Postingan ini aku tulis karena ada beberapa hal yang terpikir beberapa saat lalu. Postingan ini juga bukan postingan ilmiah walaupun judul yang tulis memakai istilah yang sangat spesifik. Hanya saja, cerita hari ini mengingatkanku pada beberapa hal yang aku tulis di thesis-ku; yang aku ga bakalan pernah tahu bahwa “Equality of Opportunity” itu ada; kalau aku tidak menulis thesis. #thankstomysupervisor
Ada sepupu yang datang berkunjung dari Tumpang. Seharusnya aku yang berkunjung besok; sekalian silaturahmi karena sudah lama aku tidak bertamu ke saudara-saudaraku di Tumpang, termasuk si sepupuku ini. Namun, karena beliau besok ada keperluan, beliau yang datang jauh-jauh ke rumahku hari ini.
Sepupuku sudah mempunyai 3 anak. Anaknya yang pertama sudah sebesar adik laki-lakiku yang kelas 3 SMA. Jadi, pembicaraan kami tadi seputar melanjutkan sekolah di perguruan tinggi. Kata sepupuku, aku pasti enak karena sudah lulus S2 dan sudah akan bekerja. Alhamdulillah. Aku hanya tersenyum. I don’t know how to explain. Bukan berarti aku tidak bersyukur karena sudah lulus kuliah di luar negeri, tapi aku masih merasa belum apa-apa. Masih banyak pekerjaan yang harus dilakukan, dan aku juga masih harus banyak belajar.

Pokoknya aku mau kuliah, aku gak gelem kerja koyok sampean. Lanjut cerita sepupuku. Dia bilang anaknya yang sulung pokoknya ingin lanjut kuliah karena tidak ingin bekerja seperti bapaknya. Sepupuku dan suaminya adalah wiraswasta. Mereka memang dari keluarga yang selalu struggle di masalah finansial dari dulu.
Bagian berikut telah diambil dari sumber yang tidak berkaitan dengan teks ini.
(* In the model described in the context, suppose $\triangle C=0$. Let $\underline\alpha_x=(M+N+1)k$ and $\bar\alpha_x=\frac{(M+1)\sqrt{N+1}}{2(\sqrt{N+1}-1)}Nk$. Then for all $\alpha_x\in[\underline\alpha_x,\bar\alpha_x]$ there exist $(f,x)\in Q$ and $x_S\in X(0)$ such that \[Mx+Ny_j(f\mathbf1,x\mathbf1)<Mx_S+Ny_j(\mathbf0,x_S\mathbf1),\qquad \mathsf{SW}(y_j(f\mathbf1,x\mathbf1),x)<\mathsf{SW}(y_j(\mathbf0,x_S\mathbf1),x_S).\] Moreover, \[\frac{Mx_S+Ny_j(\mathbf0,x_S\mathbf1)}{Mx+Ny_j(f\mathbf1,x\mathbf1)}\le\frac{(MN+M+N)(M+1)}{M(M+1)(N+1)+2(N+1-\sqrt{N+1})},\] \[\frac{\mathsf{SW}(y_j(\mathbf0,x_S\mathbf1),x_S)}{\mathsf{SW}(y_j(f\mathbf1,x\mathbf1),x)}\le\frac{(M+1)^2(MN+M+N)(MN+M+N+2)}{(N+1)\big((M^2+M+2)\sqrt{N+1}-2\big)\big((M^2+3M)\sqrt{N+1}+2\big)},\] where the inequalities are tight.
   Context: Model: $M\ge1$ leaders and $N\ge2$ followers; inverse demand $P(q)=\alpha-\beta q$, $\alpha,\beta>0$; leader marginal cost $C$, follower marginal cost $c$, $c\ge C>0$; follower capacity $k>0$. Leader $i$ produces $x_i\ge0$; follower $j$ takes forward position $f_j\in\mathbb{R}$ and spot production $y_j\in[0,k]$. Given $\mathbf f,\mathbf x$, the spot market is the game among followers where follower $j$ chooses $y_j\in[0,k]$ to maximize $P(\sum_ix_i+\sum_{j'}y_{j'})(y_j-f_j)-cy_j$; its unique Nash equilibrium is $\mathbf y(\mathbf f,\mathbf x)=(y_1(\mathbf f,\mathbf x),\dots,y_N(\mathbf f,\mathbf x))$. Follower $j$'s forward payoff is $(P(\sum_ix_i+\sum_{j'}y_{j'}(\mathbf f,\mathbf x))-c)y_j(\mathbf f,\mathbf x)$, maximized over $f_j\in\mathbb{R}$; leader $i$'s payoff is $\psi_i=(P(\sum_ix_i+\sum_{j'}y_{j'}(\mathbf f,\mathbf x))-C)x_i$, maximized over $x_i\in\mathbb{R}_+$. A Nash equilibrium of the forward market is $(\mathbf f,\mathbf x)$ where no leader or follower can strictly gain by a unilateral deviation; $Q=\{(f,x)\in\mathbb{R}\times\mathbb{R}_+:(f\mathbf1,x\mathbf1)\text{ is a Nash equilibrium}\}$. The symmetric Stackelberg equilibria are $X(0)=\{x\in\mathbb{R}_+:\psi_i(x;x\mathbf1,\mathbf0)\ge\psi_i(\bar x;x\mathbf1,\mathbf0)\ \forall\bar x\in\mathbb{R}_+,\ \forall i\}$, where $\psi_i(\bar x;x\mathbf1,\mathbf0)$ is leader $i$'s payoff when it produces $\bar x$, the other leaders produce $x$, and all followers' forward positions are $0$. Social welfare of symmetric productions (followers $y$, leaders $x$): $\mathsf{SW}(y,x)=\int_0^{Mx+Ny}P(w)\,dw-(MCx+Ncy)$. $\alpha_x=(\alpha-C)/\beta$, $\triangle C=(c-C)/\beta$. *)

From Stdlib Require Import Reals Lra ClassicalEpsilon.
Open Scope R_scope.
Jadi ketika mereka bertanya kepada ibuku berapa biaya kuliah, dan ibuku menjawab berdasarkan biaya adikku yang mahasiswa baru sekarang, ekspresi wajah mereka berubah. Dan aku paham. Tidak semua orang bisa mengakses bangku pendidikan karena biaya perkuliahan yang tinggi.